In automotive applications, where robotic welding has been the standard for a long time, aluminum cars are assembled with adhesives and rivets, like aircraft.


----------



## Skeeterweazel (Feb 11, 2014)

Looking to solder frog points.
Thx.


----------



## David Leech (Dec 9, 2008)

Marty,
Have you considered using nickel silver rail for those areas that you need to solder.
The only time that I tried soldering aluminum (many many years ago when there was a fix it kit advertised on television for fixing chairs etc) nothing worked very well and I actually melted the chair!
The switches that I make are all nickel silver rail, although my railway is all aluminum track.
I just use a large soldering iron for the frogs and guard rail areas.
All the best,
David Leech, Delta, Canada


----------



## Skeeterweazel (Feb 11, 2014)

I've seen that mentioned. Visually Nickel looks close to aluminum?
Thx.


----------



## David Leech (Dec 9, 2008)

Skeeterweazel said:


> I've seen that mentioned. Visually Nickel looks close to aluminum?
> Thx.


Well .... not for long.
It will darken to a dark brown so will very different to the aluminum.
Regards,
David Leech, Delta, Canada


----------



## Semper Vaporo (Jan 2, 2008)

I thought Nickel-silver would darken, but the Llagas Creek stuff I have was outdoors in Iowa weather (you name it, we got it!) for around 10 years and it still looks like what I remember it looking like when I put it out. The small scraps I cut off for fitting curves and the like was stored indoors and it still looks the same too.


----------



## Skeeterweazel (Feb 11, 2014)

looked around a little but not seeing any 332 nickel-silver. Am i missing it?


----------



## Dr Rivet (Jan 5, 2008)

No. Brass, aluminum, and SS for 332.


----------



## Totalwrecker (Feb 26, 2009)

Semper Vaporo said:


> I thought Nickel-silver would darken, but the Llagas Creek stuff I have was outdoors in Iowa weather (you name it, we got it!) for around 10 years and it still looks like what I remember it looking like when I put it out. The small scraps I cut off for fitting curves and the like was stored indoors and it still looks the same too.

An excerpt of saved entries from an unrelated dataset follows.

Lemma expected_revenue_hedging_ge :
  INR B * sumR (hedge_gain X eps n) B - 1 - INR B * (2 * INR C * INR W)
  <= expected_revenue N c (hedging_mech N W c Gamma g0 B eps) js.
Proof.
  pose proof INR_B_gt0.
  assert (HL : 0 < INR L) by (apply (lt_INR 0); pose proof length_Gamma_ge1; unfold L; nia).
  unfold hedging_mech. fold n L. rewrite expected_revenue_uniform_mech.
  eapply Rle_trans; [|apply Rmult_le_compat_l, sumR_le;
    [apply Rlt_le, Rinv_0_lt_compat, HL|intros u _; apply (seed_pricer_revenue_ge N C); auto]].
  rewrite sumR_average_swap by exact HL.
  apply Rplus_le_compat_r.
  eapply Rle_trans; [|apply sumR_le; intros b _; apply seed_average_ge].
  rewrite sumR_sub, sumR_const, sumR_scal. field_simplify; [|lra].
  replace (INR B * / INR B) with 1 by (field; lra). lra.
Qed.

Lemma hedging_regret_le j : (j < n)%nat ->
  revenue N c (policy_pricer W (nth j Gamma g0)) js
  - expected_revenue N c (hedging_mech N W c Gamma g0 B eps) js
  <= INR B * (eps * INR B + ln (INR n) / eps) + 1 + INR B * (2 * INR C * INR W).
Proof.
  intros Hj. pose proof INR_B_gt0.
  pose proof (hedge_regret X eps n (fun b j _ => normalized_gain_bounds b j) Heps
                length_Gamma_ge1 B j Hj).
  pose proof expected_revenue_hedging_ge. rewrite revenue_nth_policy.
  assert (INR B * (sumR (fun b => X b j) B - sumR (hedge_gain X eps n) B)
          <= INR B * (eps * INR B + ln (INR n) / eps)) by (apply Rmult_le_compat_l; lra).
  lra.
Qed.

End Regret.

(** * Choice of the parameters *)

Lemma block_size_spec T : (1 <= T)%nat ->
  (T <= S (Nat.sqrt T) * S (Nat.sqrt T))%nat /\ INR (S (Nat.sqrt T)) <= 2 * sqrt (INR T).
Proof.
  intros HT. destruct (Nat.sqrt_spec T ltac:(lia)) as [Hlo Hhi]. split; [lia|].
  assert (Hs : INR (Nat.sqrt T) <= sqrt (INR T)).
  { rewrite <- (sqrt_square (INR (Nat.sqrt T))) by apply pos_INR.
    apply sqrt_le_1_alt. rewrite <- mult_INR. apply le_INR, Hlo. }
  assert (H1 : 1 <= sqrt (INR T))
    by (rewrite <- sqrt_1; apply sqrt_le_1_alt, (le_INR 1), HT).
  rewrite S_INR; lra.
Qed.

Lemma hedge_tuning x B : 0 < x -> 0 < B ->
  0 < sqrt x / sqrt B /\ sqrt x / sqrt B * B + x / (sqrt x / sqrt B) = 2 * sqrt x * sqrt B.
Proof.
  intros Hx HB. pose proof (sqrt_lt_R0 x Hx) as Ha. pose proof (sqrt_lt_R0 B HB) as Hb.
  split; [apply Rdiv_lt_0_compat; auto|].
  pose proof (sqrt_sqrt x ltac:(lra)) as Ex. pose proof (sqrt_sqrt B ltac:(lra)) as EB.
  set (a := sqrt x) in *. set (b := sqrt B) in *. rewrite <- Ex, <- EB.
  field. split; apply Rgt_not_eq; assumption.
Qed.

Lemma Rpower_three_quarters x : 0 < x -> Rpower x (/ 2 + / 4) = sqrt x * sqrt (sqrt x).
Proof.
  intros Hx. rewrite Rpower_plus, Rpower_sqrt by exact Hx. f_equal.
  rewrite <- (Rpower_sqrt (sqrt x)) by (apply sqrt_lt_R0, Hx).
  rewrite <- (Rpower_sqrt x) by exact Hx. rewrite Rpower_mult. f_equal; field.
Qed.

Lemma three_quarters_le_regret_exponent C W : (1 <= C * W)%nat -> / 2 + / 4 <= regret_exponent C W.
Proof.
  intros HCW. unfold regret_exponent.
  assert (Hx : 1 <= INR (C * W)) by (apply (le_INR 1), HCW).
  assert (/ 2 <= INR (C * W) / (INR (C * W) + 1)).
  { apply Rmult_le_reg_r with (INR (C * W) + 1); [lra|].
    unfold Rdiv. rewrite Rmult_assoc, Rinv_l by lra. lra. }
  lra.
Qed.

(* [6] absorbs the Hedge term [2 B^(3/2) sqrt (ln n)] with [B <= 2 sqrt T]; the
   second summand absorbs the blocking term [1 + 2 B C W], using [ln n >= ln 2]. *)
Definition regret_constant (C W : nat) : R := 6 + (1 + 4 * INR C * INR W) / sqrt (ln 2).

Lemma regret_constant_ge0 C W : 0 <= regret_constant C W.
Proof.
  unfold regret_constant. pose proof (pos_INR C). pose proof (pos_INR W).
  assert (0 <= (1 + 4 * INR C * INR W) / sqrt (ln 2)).
  { apply Rmult_le_pos; [nra|]. apply Rlt_le, Rinv_0_lt_compat, sqrt_lt_R0, ln2_gt0. }
  lra.
Qed.

Lemma hedging_bound_le T n C W : (1 <= T)%nat -> (2 <= n)%nat -> (1 <= C * W)%nat ->
  let B := INR (S (Nat.sqrt T)) in
  let eps := sqrt (ln (INR n)) / sqrt B in
  B * (eps * B + ln (INR n) / eps) + 1 + B * (2 * INR C * INR W)
  <= regret_constant C W * Rpower (INR T) (regret_exponent C W) * sqrt (ln (INR n)).
Proof.
  intros HT Hn HCW B eps.
  assert (Hln : ln 2 <= ln (INR n)) by (apply ln_le; [lra|apply (le_INR 2), Hn]).
  pose proof ln2_gt0.
  destruct (block_size_spec T HT) as [_ HBs]. fold B in HBs.
  assert (HB1 : 1 <= B) by (apply (le_INR 1); lia).
  unfold eps. destruct (hedge_tuning (ln (INR n)) B ltac:(lra) ltac:(lra)) as [_ ->].
  set (s := sqrt (INR T)) in *. set (r := sqrt s). set (y := sqrt (ln (INR n))). set (z := sqrt B).
  assert (HT1 : 1 <= INR T) by (apply (le_INR 1), HT).
  assert (Hs1 : 1 <= s) by (unfold s; rewrite <- sqrt_1; apply sqrt_le_1_alt, HT1).
  assert (Hr1 : 1 <= r) by (unfold r; rewrite <- sqrt_1; apply sqrt_le_1_alt, Hs1).
  assert (Hrr : r * r = s) by (apply sqrt_sqrt; lra).
  assert (Hzz : z * z = B) by (apply sqrt_sqrt; lra).
  assert (Hz0 : 0 < z) by (apply sqrt_lt_R0; lra).
  assert (Hy2 : 0 < sqrt (ln 2)) by (apply sqrt_lt_R0; lra).
  assert (Hy : sqrt (ln 2) <= y) by (apply sqrt_le_1_alt, Hln).
  assert (Hz : z <= 3 / 2 * r).
  { destruct (Rle_or_lt z (3 / 2 * r)) as [|Hgt]; [assumption|exfalso].
    assert (3 / 2 * r * (3 / 2 * r) < z * z) by (apply Rmult_le_0_lt_compat; lra).
    nra. }
  assert (Hpow : s * r <= Rpower (INR T) (regret_exponent C W)).
  { assert (E : Rpower (INR T) (/ 2 + / 4) = s * r) by (apply Rpower_three_quarters; lra).
    rewrite <- E.
    apply Rle_Rpower; [exact HT1|apply three_quarters_le_regret_exponent, HCW]. }
  assert (HCW1 : 1 <= INR C * INR W) by (rewrite <- mult_INR; apply (le_INR 1), HCW).
  assert (Hhedge : B * (2 * y * z) <= 6 * (s * r) * y).
  { assert (B * z <= 3 * (s * r))
      by (apply Rle_trans with ((2 * s) * (3 / 2 * r)); [apply Rmult_le_compat|]; lra).
    nra. }
  assert (Hblock : 1 + B * (2 * INR C * INR W)
                   <= (1 + 4 * INR C * INR W) / sqrt (ln 2) * (s * r) * y).
  { assert (Hsr : 1 <= s * r) by nra.
    assert (B * (INR C * INR W) <= 2 * s * (INR C * INR W)) by (apply Rmult_le_compat_r; lra).
    assert (s * (INR C * INR W) <= s * r * (INR C * INR W))
      by (apply Rmult_le_compat_r; [lra|]; nra).
    assert (Hratio : 1 <= y / sqrt (ln 2)).
    { apply Rmult_le_reg_r with (sqrt (ln 2)); [exact Hy2|].
      unfold Rdiv. rewrite Rmult_assoc, Rinv_l, Rmult_1_l, Rmult_1_r by lra. exact Hy. }
    replace ((1 + 4 * INR C * INR W) / sqrt (ln 2) * (s * r) * y)
      with ((1 + 4 * INR C * INR W) * (s * r) * (y / sqrt (ln 2))) by (field; lra).
    apply Rle_trans with ((1 + 4 * INR C * INR W) * (s * r) * 1); [nra|].
    apply Rmult_le_compat_l; [nra|exact Hratio]. }
  apply Rle_trans with (regret_constant C W * (s * r) * y).
  - unfold regret_constant. nra.
  - pose proof (regret_constant_ge0 C W). pose proof (sqrt_pos (ln (INR n))).
    apply Rmult_le_compat_r; [lra|]. apply Rmult_le_compat_l; lra.
Qed.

It shouldn't darken, as German Silver it was prized for it's shine, for trains; it oxidizes a white surface that is an electrical conductor... no cleaning necessary ... Was a big selling point. Sterling silver does oxidize.
John


----------



## David Leech (Dec 9, 2008)

Well, mine has sure darkened.
Maybe the Llagas Creek nickel silver has more brass in it, or something.
Nickel Silver switch on left, painted aluminum on right.
Both about 20 years old.
Switches to be rebuilt this year.
Regards,
David Leech, Delta, Canada


----------



## David Leech (Dec 9, 2008)

Skeeterweazel said:


> looked around a little but not seeing any 332 nickel-silver. Am i missing it?


Sorry Marty, I didn't realise that you were looking for code 332.
As Jim says, there's brass.
Regards,
David Leech, Delta, Canada


----------



## Totalwrecker (Feb 26, 2009)

Wow David, that's some oxidation! Must be Chinese NS.... or an odd alloy.
John


----------



## woodsworks (May 27, 2014)

David, is there any source of sulphur near your railroad? The colour on the nickel-silver looks like copper sulphide to me. Sources might be a fertiliser works, for example - they use huge quantities of sulphuric acid.

Regards
Paul Woods
Whangarei, NZ.


----------



## Gbroeder (Jan 9, 2015)

Back when I owned Llagas I requested a material cert with every batch of NS wire that the code 215 and 250 NS rail was drawn from. Nickel content was and should still be 18%. No ,it was not from China.

Re: Printable switch drawings. They are available from Fast Tracks 
( www.handlaidtrack.com) although only in the smaller scales, however it is easy to scale up the 0 gauge drawings on most printers. Regards, Gary


----------



## Greg Elmassian (Jan 3, 2008)

All the NS rail I have seen outdoors has oxidized looking like the picture above.

Greg


----------